Serum cytokine levels at baseline and two weeks post-therapy start for patients undergoing anti-TNF therapy (ng/ml)
| Responders |
Nonresponders |
|||||
|---|---|---|---|---|---|---|
| Baseline | Week 2 | p valuea | Baseline | Week 2 | p value | |
| IL-4 | 22 (5–42.2)b | 27.4 (5–37.8) | 0.83 | 25.7 (5–36.4) | 6.6 (5–34.4) | 0.44 |
| IL-5 | 2.1 (0.9–2.8) | 1.4 (0.8–2) | 0.02 | 1.1 (0.5–1.4) | 0.9 (0.5–1.2) | 0.82 |
| IL-17A | 0.7 (0.5–1.6) | 0.7 (0.2–1.3) | 0.15 | 0.5 (0.2–1.2) | 0.2 (0.2–0.5) | 0.09 |
| IL-10 | 2.2 (1.7–3.3) | 1.7 (1.2–2.3) | 0.17 | 1.7 (1.2–2) | 1.6 (0.8–2) | 1.00 |
| IL-8 | 24.2 (12.6–116.3) | 14 (10.3–29.7) | 0.04 | 24.4 (14.5–38.5) | 16 (9.2–25.6) | 0.07 |
| TNF | 16.8 (12.5–22.2) | 9 (7.3–14.7) | <0.05 | 12.1 (10.2–17) | 8 (2–13.3) | 0.29 |
TNF: tumor necrosis factor; IL: interleukin. aWilcoxon signed rank test. bData are shown as median (25th–75th percentiles).
Decreased serum levels of sCD25 and sTNFRII two weeks post-therapy start reflects therapy response
Since activated T cells shed receptors, serum levels of soluble CD25 (sCD25) and TNFRII (sTNFRII) were measured at baseline and two weeks after therapy start. At baseline, serum levels of sTNFRII were similar in both patient groups while sCD25 levels were higher in the group of therapy responders (Table 2). Two weeks after therapy start the levels of sCD25 and sTNFRII were decreased as compared to baseline in therapy responders (Figure 3(a) and (b)). In contrast, patients not responding to infliximab therapy had comparable levels of sCD25 and sTNFRII at baseline and two weeks after therapy start (Figure 3(a) and (b)). The reduction of both sCD25 and sTNFRII in serum two weeks after therapy start had good discriminative validities to positively identify responders and nonresponders, with an area under the ROC curve (AUC) of 0.78 and 0.81, respectively (Figure 3(a) and (b)). The best cut-off value for the reduction of sCD25, at baseline compared to two weeks after therapy start, to differentiate between therapy responders and nonresponders was a decrease of ≥98 pg/ml, with a sensitivity of 66.7% (95% CI 34.9–90.1) and a specificity of 77.8% (95% CI 52.4–93.6). The best cut-off value for the reduction of sTNFRII, at baseline compared to two weeks after therapy start, to differentiate the two groups was a decrease of ≥255 pg/ml, with a sensitivity of 75% (95% CI 42.8–94.5), and a specificity of 72.2% (95% CI 46.5–90.3).
Figure 3.
Serum levels of soluble receptors in UC patients undergoing anti-TNF therapy.

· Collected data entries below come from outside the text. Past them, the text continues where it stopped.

(* Let $d\ge2$, $A\in\mathcal C^{d-1}$, $p\in[1,\infty)$ and $C_1,C_2\in\mathcal C^d_A$. Then: (1) $\Phi_{C_1,C_2;A,p}(0)=\Phi_{C_1,C_2;A,p}(1)=0$; (2) $\Phi_{C_1,C_2;A,p}$ is continuous on $\mathbb I$, and for $p=1$ it is Lipschitz continuous with constant $2$; (3) $\Phi_{C_1,C_2;A,p}(y)\le 2\min\{y,1-y\}$ for all $y\in\mathbb I$, and this bound is sharp (attained for some $C_1,C_2\in\mathcal C^d_A$ at every $y$). Moreover, $\max_{C_1,C_2\in\mathcal C^d_A}D_{A,p}(C_1,C_2)=2^{-1/p}$.
   Context: $\mathbb I=[0,1]$, $\lambda$ Lebesgue measure. A $d$-copula $C\in\mathcal C^d$ is the distribution function on $\mathbb I^d$ of a probability measure $\mu_C$ with uniform univariate marginals; points are $(\mathbf x,y)$, $\mathbf x\in\mathbb I^{d-1}$. $C_{1:(d-1)}$ is the marginal copula of the first $d-1$ coordinates; $\mathcal C^d_A=\{C\in\mathcal C^d:C_{1:(d-1)}=A\}$ (for $d=2$, $\mu_A=\lambda$, $\mathcal C^2_A=\mathcal C^2$). $K_C$ is the Markov kernel of $C$ w.r.t. the first $d-1$ coordinates: $\mu_C(B\times F)=\int_B K_C(\mathbf x,F)\,\mathrm d\mu_{A}(\mathbf x)$ for $C\in\mathcal C^d_A$. For $C_1,C_2\in\mathcal C^d_A$ and $y\in\mathbb I$, $\Phi_{C_1,C_2;A,p}(y)=\int_{\mathbb I^{d-1}}|K_{C_1}(\mathbf x,[0,y])-K_{C_2}(\mathbf x,[0,y])|^p\,\mathrm d\mu_A(\mathbf x)$ and $D_{A,p}(C_1,C_2)=\big(\int_{\mathbb I}\Phi_{C_1,C_2;A,p}(y)\,\mathrm d\lambda(y)\big)^{1/p}$. *)

From HB Require Import structures.
From mathcomp Require Import all_boot all_order all_algebra.
From mathcomp Require Import all_classical all_reals all_analysis.
Set Implicit Arguments. Unset Strict Implicit. Unset Printing Implicit Defensive.
Import Order.TTheory GRing.Theory Num.Theory.
Import numFieldNormedType.Exports.
Local Open Scope classical_set_scope.
Local Open Scope ring_scope.

Definition unif_cdf (R : realType) (t : R) : R := Num.min (Num.max t 0) 1.

(* mu_A for an n-copula A (points of I^n are n-tuples of reals):
   a probability measure on R^n all of whose univariate marginals are
   uniform on [0,1] *)
Definition is_copula_measure (R : realType) (n : nat)
  (muA : probability (n.-tuple R) R) : Prop :=
  forall (i : 'I_n) (t : R),
    muA [set x | tnth x i <= t] = (unif_cdf t)%:E.

(* mu_C for a copula C on I^(n+1), points written (x, y) with x in I^n *)
Definition is_copula_measure_xy (R : realType) (n : nat)
  (mu : probability (n.-tuple R * R)%type R) : Prop :=
  (forall (i : 'I_n) (t : R),
    mu [set z | tnth z.1 i <= t] = (unif_cdf t)%:E) /\
  (forall t : R, mu [set z | z.2 <= t] = (unif_cdf t)%:E).

(* C in C_A : the marginal on the first n coordinates is mu_A *)
Definition has_marginal (R : realType) (n : nat)
  (muA : probability (n.-tuple R) R)
  (mu : probability (n.-tuple R * R)%type R) : Prop :=
  forall B : set (n.-tuple R), measurable B ->
    mu (B `*` setT) = muA B.

Definition is_markov_kernel_of (R : realType) (n : nat)
  (muA : probability (n.-tuple R) R)
  (mu : probability (n.-tuple R * R)%type R)
  (K : R.-pker (n.-tuple R) ~> R) : Prop :=
  forall (B : set (n.-tuple R)) (F : set R), measurable B -> measurable F ->
    mu (B `*` F) = (\int[muA]_(x in B) K x F)%E.

Definition Phi (R : realType) (n : nat)
  (muA : probability (n.-tuple R) R)
  (K1 K2 : R.-pker (n.-tuple R) ~> R) (p : R) (y : R) : R :=
  Rintegral muA setT
    (fun x => `| fine (K1 x [set` `[0, y]]) - fine (K2 x [set` `[0, y]]) | `^ p).

Definition Dist (R : realType) (n : nat)
  (muA : probability (n.-tuple R) R)
  (K1 K2 : R.-pker (n.-tuple R) ~> R) (p : R) : R :=
  (Rintegral (@lebesgue_measure R) [set` `[0, 1]] (Phi muA K1 K2 p)) `^ p^-1.

From HB Require Import structures.
From mathcomp Require Import all_boot all_order all_algebra.
From mathcomp Require Import all_classical all_reals all_analysis.
From mathcomp Require Import lra measurable_realfun.
Set Implicit Arguments. Unset Strict Implicit. Unset Printing Implicit Defensive.
Import Order.TTheory GRing.Theory Num.Theory.
Import numFieldNormedType.Exports.
Local Open Scope classical_set_scope.
Local Open Scope ring_scope.

(* Write G(x, y) := K(x, [0, y]) for the Markov kernel K of a copula in C_A.
   G takes values in [0, 1], is nondecreasing in y, and integrates to y against
   mu_A because the last marginal is uniform.  Pointwise
   |G1 - G2|^p <= |G1 - G2| <= min(G1 + G2, 2 - G1 - G2), so integrating gives
   Phi(y) <= 2 min(y, 1 - y); this forces Phi(0) = Phi(1) = 0 and, after a
   second integration, D^p <= 1/2.  Combining |a^p - b^p| <= p |a - b| on [0, 1]
   with the same integral identity for increments makes Phi 2p-Lipschitz.
   The bound is attained by the deterministic kernels y = x_1 and y = 1 - x_1
   (copulas because x_1 is uniform): then |G1 - G2| is the indicator of the
   symmetric difference of {x_1 <= y} and {x_1 >= 1 - y}, of measure
   2 min(y, 1 - y). *)

Section powR_unit_interval.
Context {R : realType}.
Implicit Types (a b p : R).

Lemma powR_le_self a p : 0 <= a <= 1 -> 1 <= p -> a `^ p <= a.
Proof.
move=> /andP[a0 a1] p1; have [->|a_neq0] := eqVneq a 0.
  by rewrite powR0 // gt_eqF // (lt_le_trans _ p1).
by apply: ge1r_powR => //; rewrite a1 andbT lt_def a_neq0.
Qed.

Lemma powR_subr_le a b p : 0 <= b <= a -> a <= 1 -> 1 <= p ->
  a `^ p - b `^ p <= p * (a - b).
Proof.
move=> /andP[b0 ba] a1 p1; have p0 : 0 < p by rewrite (lt_le_trans _ p1).
have [->|b_neq0] := eqVneq b 0.
  have a0 : 0 <= a by exact: le_trans ba.
  rewrite powR0 ?gt_eqF // !subr0; apply: le_trans (powR_le_self _ p1) _.
    by rewrite a0 a1.
  by rewrite ler_peMl.
have [<-|b_neq_a] := eqVneq b a; first by rewrite !subrr mulr0.
have b_gt0 : 0 < b by rewrite lt_def b_neq0.
have b_lt_a : b < a by rewrite lt_def eq_sym b_neq_a.
(* mean value theorem: the derivative p c^(p-1) is at most p on [b, a] *)
have der x : x \in `]b, a[ -> is_derive x 1 (@powR R ^~ p) (p * x `^ (p - 1)).
  by rewrite in_itv => /andP[bx _]; apply: is_derive1_powR; exact: lt_trans bx.
have cont : {within `[b, a], continuous (@powR R ^~ p)}.
  apply: derivable_within_continuous => x; rewrite in_itv => /andP[bx _].
  by apply: derivable_powR; rewrite in_itv /= andbT (lt_le_trans b_gt0).
have [c /[!in_itv] /andP[bc ca] ->] := MVT b_lt_a der cont.
rewrite ler_wpM2r ?subr_ge0 ?(ltW b_lt_a) // ger_pMr //.
apply: le_trans (_ : _ <= 1 `^ (p - 1)) _; last by rewrite powR1.
rewrite ge0_ler_powR ?subr_ge0 ?nnegrE ?(ltW (lt_le_trans ca a1)) //.
exact: le_trans (ltW bc).
Qed.

Lemma powR_lipschitz a b p : 0 <= a <= 1 -> 0 <= b <= 1 -> 1 <= p ->
  `|a `^ p - b `^ p| <= p * `|a - b|.
Proof.
move=> /andP[a0 a1] /andP[b0 b1] p1; have p0 : 0 <= p by rewrite (le_trans _ p1).
wlog ba : a b a0 a1 b0 b1 / b <= a.
  move=> wlog; have [|/ltW ab] := leP b a; first exact: wlog.
  by rewrite distrC [`|a - b|]distrC wlog.
rewrite !ger0_norm ?subr_ge0 ?ge0_ler_powR //.
by rewrite powR_subr_le // b0.
Qed.

End powR_unit_interval.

Levels of (a) sCD25 and (b) sTNFRII in serum were determined at baseline and at two weeks post-treatment start (week 2) in therapy responders (n = 17) and nonresponders (n = 13). Each symbol represents one individual and connecting lines show values from samples taken from the same individual. ROC curves analyses were performed to assess specificity and sensitivity of changes in the soluble receptor levels at baseline compared to week 2, discriminating responders from nonresponders.

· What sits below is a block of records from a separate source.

Definition Gmeas (G : set (set Om)) (X : Om -> R) : Prop :=
  forall B : set R, measurable B -> G (X @^-1` B).
Definition Gmeas_e (G : set (set Om)) (X : Om -> \bar R) : Prop :=
  forall B : set (\bar R), measurable B -> G (X @^-1` B).

Definition filtration (F : R -> set (set Om)) : Prop :=
  (forall t, 0 <= t -> sub_sigma_algebra (F t)) /\
  (forall s t, 0 <= s -> s <= t -> F s `<=` F t).

Definition usual_conditions (F : R -> set (set Om)) : Prop :=
  (forall t A, 0 <= t -> (forall s, t < s -> F s A) -> F t A) /\
  (forall N M, measurable M -> P M = 0%E -> N `<=` M -> F 0 N).

Definition rv_integrable (X : Om -> R) : Prop :=
  P.-integrable setT (EFin \o X).

Definition expectation (X : Om -> R) : \bar R := (\int[P]_x (X x)%:E)%E.

Definition cond_exp_version (G : set (set Om)) (X Y : Om -> R) : Prop :=
  [/\ Gmeas G Y, rv_integrable Y &
      forall A, G A -> (\int[P]_(x in A) (Y x)%:E = \int[P]_(x in A) (X x)%:E)%E].

Definition adapted (F : R -> set (set Om)) (X : R -> Om -> R) : Prop :=
  forall t, 0 <= t -> Gmeas (F t) (X t).

Definition cadlag (X : R -> Om -> R) : Prop :=
  forall w, (forall s, 0 <= s -> (fun u => X u w) @ s^'+ --> X s w) /\
            (forall s, 0 < s -> cvg ((fun u => X u w) @ s^'-)).

Definition martingale (F : R -> set (set Om)) (M : R -> Om -> R) : Prop :=
  [/\ adapted F M, (forall t, 0 <= t -> rv_integrable (M t)) &
      forall s u, 0 <= s -> s <= u -> cond_exp_version (F s) (M u) (M s)].

Definition stopping_time (F : R -> set (set Om)) (tau : Om -> \bar R) : Prop :=
  (forall w, (0 <= tau w)%E) /\
  (forall s, 0 <= s -> F s [set w | (tau w <= s%:E)%E]).

Definition stopped (M : R -> Om -> R) (tau : Om -> \bar R) : R -> Om -> R :=
  fun s w => M (fine (mine s%:E (tau w))) w.

Definition local_martingale (F : R -> set (set Om)) (M : R -> Om -> R) : Prop :=
  [/\ cadlag M, adapted F M &
      exists tau : nat -> Om -> \bar R,
        [/\ forall n, stopping_time F (tau n),
            forall n w, (tau n w <= tau n.+1 w)%E,
            {ae P, forall w, (fun n => tau n w) @ \oo --> +oo%E} &
            forall n, martingale F (stopped M (tau n))]].

Definition finite_variation (A : R -> Om -> R) : Prop :=
  forall w s, 0 <= s -> exists C : R,
    forall (n : nat) (u : nat -> R), u 0%N = 0 -> u n = s ->
      (forall i, (i < n)%N -> u i <= u i.+1) ->
      \sum_(i < n) `|A (u i.+1) w - A (u i) w| <= C.

Definition semimartingale (F : R -> set (set Om)) (X : R -> Om -> R) : Prop :=
  [/\ cadlag X, adapted F X &
      exists M A : R -> Om -> R,
        [/\ local_martingale F M /\ (forall w, M 0 w = 0),
            cadlag A /\ adapted F A, finite_variation A,
            (forall w, A 0 w = 0) &
            {ae P, forall w, forall s, 0 <= s -> X s w = X 0 w + M s w + A s w}]].

Definition pricing_kernel (F : R -> set (set Om)) (pi : R -> Om -> R) : Prop :=
  [/\ semimartingale F pi,
      (forall t, 0 <= t -> {ae P, forall w, 0 < pi t w}),
      (forall t, 0 <= t -> rv_integrable (pi t)) &
      limf_einf (fun t => expectation (pi t)) (pinfty_nbhs R) = 0%E].

Definition is_ess_sup (G : set (set Om)) (I : set R) (A : R -> Om -> \bar R)
    (Z : Om -> \bar R) : Prop :=
  [/\ Gmeas_e G Z,
      (forall y, I y -> {ae P, forall w, (A y w <= Z w)%E}) &
      forall W, Gmeas_e G W -> (forall y, I y -> {ae P, forall w, (A y w <= W w)%E}) ->
        {ae P, forall w, (Z w <= W w)%E}].

Definition is_ess_inf (G : set (set Om)) (I : set R) (A : R -> Om -> \bar R)
    (Z : Om -> \bar R) : Prop :=
  [/\ Gmeas_e G Z,
      (forall y, I y -> {ae P, forall w, (Z w <= A y w)%E}) &
      forall W, Gmeas_e G W -> (forall y, I y -> {ae P, forall w, (W w <= A y w)%E}) ->
        {ae P, forall w, (W w <= Z w)%E}].

Definition is_ess_limsup (G : set (set Om)) (D : set R) (A : R -> Om -> \bar R)
    (Z : Om -> \bar R) : Prop :=
  exists S : R -> Om -> \bar R,
    (forall x, 0 < x -> is_ess_sup G [set y | D y /\ x <= y] A (S x)) /\
    is_ess_inf G [set x | 0 < x] S Z.

End PricingKernel.

(* exponential rate R_{tT} and tail-Pareto rate L^{(lam)}_{tT} of a bond price p *)
Definition exp_rate {R : realType} (t T p : R) : R := - ln p / (T - t).
Definition pareto_rate {R : realType} (lam t T p : R) : R :=
  lam / (T - t) * (p `^ (- lam^-1) - 1).

From Pilot Require Import Defs.
From HB Require Import structures.
From mathcomp Require Import all_boot all_order all_algebra.
From mathcomp Require Import all_classical all_reals all_analysis measurable_realfun.
From mathcomp Require Import ring lra.
Import Order.TTheory GRing.Theory Num.Theory.
Import numFieldNormedType.Exports.
Local Open Scope classical_set_scope.
Local Open Scope ring_scope.

(* For [T - t >= max 1 k^2] the elementary bound [k u - x <= e^u - 1] gives
   [k R_{tT} - lam <= L^(lam)_{tT}] pathwise, and this passes to the essential
   limsups: [k R_{t oo} - lam <= L^(lam)_{t oo}] for every k.  Moreover
   [R_{t oo} >= 0]: on the F_t-event A where it is negative, P_{tT} >= 1 for all
   large T, so E[pi_t; A] <= E[pi_T], whose liminf vanishes; as pi_t > 0, A is
   null.  Letting k -> oo gives both claims. *)

Lemma expR_sub1_ge (R : realType) (k x u : R) :
  0 <= k -> 1 <= x -> k ^+ 2 <= x -> k * u - x <= expR u - 1.
Proof.
move=> k0 x1 kx; have expR0 := expR_gt0 u.
have [u0|u0] := leP u 0.
  have : k * u <= 0 by rewrite mulr_ge0_le0.
  lra.
have := expR_ge1Dxn 1 (ltW u0); rewrite (_ : 2`!%:R = 2) // => exp_ge.
have := sqr_ge0 (u / 2 - k); rewrite !expr2 in kx exp_ge *.
nra.
Qed.

Lemma pareto_rate_ge_exp_rate (R : realType) (lam t T p k : R) :
  0 < lam -> 0 <= k -> 1 <= T - t -> k ^+ 2 <= T - t ->
  k * exp_rate t T p - lam <= pareto_rate lam t T p.
Proof.
rewrite /exp_rate /pareto_rate => lam0 k0 x1 kx; set x := T - t in x1 kx *.
have x0 : 0 < x by lra.
have lam_div_le : lam / x <= lam by rewrite ler_pdivrMr // ler_peMr // ltW.
have [->|p0] := eqVneq p 0.
  rewrite ln0 // powR0 ?oppr_eq0 ?invr_eq0 ?gt_eqF //.
  rewrite oppr0 mul0r mulr0; lra.
rewrite /powR (negbTE p0).
set u := - lam^-1 * ln p.
have -> : - ln p = lam * u by rewrite /u; field; rewrite gt_eqF.
have -> : k * (lam * u / x) - lam = lam / x * (k * u - x).
  by field; rewrite gt_eqF.
by rewrite ler_pM2l ?divr_gt0 ?expR_sub1_ge.
Qed.

Lemma le_of_exp_rate_lt0 (R : realType) (t T c a : R) :
  0 < a -> t < T -> exp_rate t T (c / a) < 0 -> a <= c.
Proof.
rewrite /exp_rate mulNr oppr_lt0 => a0 tT.
rewrite pmulr_lgt0 ?invr_gt0 ?subr_gt0 // => ln_gt0.
rewrite -[a in a <= _]mul1r -ler_pdivlMr // leNgt; apply/negP => /ltW /ln_le0.
by rewrite leNgt ln_gt0.
Qed.

Section ereal_bounds.
Local Open Scope ereal_scope.

Lemma lee_scale_subE (R : realType) (k lam : R) (A S : \bar R) : (0 < k)%R ->
  (k%:E * A - lam%:E <= S) = (A <= (S + lam%:E) * (k^-1)%:E).
Proof.
move=> k0; have ik0 : (0 < k^-1)%R by rewrite invr_gt0.
have kyy : k%:E * +oo = +oo by rewrite mulry gtr0_sg // mul1e.
have kNyNy : k%:E * -oo = -oo by rewrite mulrNy gtr0_sg // mul1e.
have yk : +oo * (k^-1)%:E = +oo by rewrite mulyr gtr0_sg // mul1e.
have Nyk : -oo * (k^-1)%:E = -oo by rewrite mulNyr gtr0_sg // mul1e.
case: A => [a| |]; case: S => [s| |].
- rewrite -EFinM -EFinB -EFinD -EFinM !lee_fin.
  by rewrite ler_pdivlMr // (mulrC k) lerBlDr.
- by rewrite addye // yk !leey.
- by rewrite addNye Nyk !leeNy_eq.
- by rewrite kyy addye // -EFinD -EFinM !leye_eq.
- by rewrite kyy addye // yk.
- by rewrite kyy addye // addNye Nyk.
- by rewrite kNyNy addNye !leNye.
- by rewrite kNyNy addNye !leNye.
- by rewrite kNyNy addNye !leNye.
Qed.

UC: ulcerative colitis; TNF: tumor necrosis factor; sCD25: serum level of soluble CD25; sTNFRII: serum level of soluble TNFRII; ROC: receiver operating characteristics.
Discussion
This prospective study demonstrates that an early reduction of the frequencies of activated T cells reflects response to therapy in patients with moderately to severely active UC. Also, the reduction of activated immune cells in therapy responders was accompanied by decreased serum levels of the soluble receptors sCD25 and sTNFRII, shed by activated T cells, already two week after treatment start. In contrast, age, gender, disease severity or duration, CRP, or partial Mayo score did not reflect the outcome of infliximab treatment.

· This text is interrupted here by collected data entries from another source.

Lemma rightFPn_retract n : rightFPn eps n -> rightFPn epsD n.
Proof.
apply: (left_FPn_retract (A^c) (D^c) kappa theta (rmorphD kappa)
  (fun x y => rmorphM kappa y x) (rmorphD theta) (fun x y => rmorphM theta y x)
  (rmorph1 theta) kappaK) => [|a x]; last by rewrite epsDK.
split=> [r x y|r s x|r s x|x]; rewrite ?mulrDl ?rmorphD ?mulrDr //=.
- by rewrite rmorphM mulrA.
- by rewrite rmorph1 mulr1.
Qed.

End AugmentedRetracts.

Theorem mainTheorem5 (K : comNzRingType) (n : nat) (A D : algType K) :
  (* (i) retracts of bi-FP_n algebras are bi-FP_n *)
  (forall (kappa : {lrmorphism A -> D}) (theta : {lrmorphism D -> A}),
     (forall x : D, kappa (theta x) = x) ->
     biFPn A n -> biFPn D n) /\
  (* (ii) augmented retracts *)
  (forall (eps : {lrmorphism A -> K^o}) (epsD : {lrmorphism D -> K^o}),
     augmentation eps -> augmentation epsD ->
     forall (kappa : {lrmorphism A -> D}) (theta : {lrmorphism D -> A}),
       (forall x : D, kappa (theta x) = x) ->
       (forall a : A, epsD (kappa a) = eps a) ->
       [/\ leftFPn eps n -> leftFPn epsD n,
           rightFPn eps n -> rightFPn epsD n &
           weak_biFPn eps n -> weak_biFPn epsD n]).
Proof.
split=> [kappa theta kappaK | eps epsD _ _ kappa theta kappaK epsDK].
  exact: (biFPn_retract kappa theta kappaK).
split; [exact: (leftFPn_retract kappa theta kappaK epsD epsDK) |
  exact: (rightFPn_retract kappa theta kappaK epsD epsDK) |
  exact: (weak_biFPn_retract kappa theta kappaK epsD epsDK)].
Qed.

We have demonstrated that reduced frequencies of circulating CD25+CD4+ T cells and CD25+CD8+ T cells two weeks after therapy start reflect infliximab therapy response after three to four months in previously anti-TNF therapy-naïve UC patients. In contrast, the frequencies of CD25+CD4+ T cells and CD25+CD8+ T cells increased in nonresponding patients. This was best demonstrated by the combined analysis of the reduction of CD25 expression of CD4+ T cells and CD8+T cells, where only a minor overlap between responders and nonresponders was seen. However, it should be noted that the overall effect size is small for the differences detected and whether the reduction of CD25 expressing T cells may be used to discriminate between the responder and nonresponder group in clinical practice needs to be confirmed in an additional patient cohort.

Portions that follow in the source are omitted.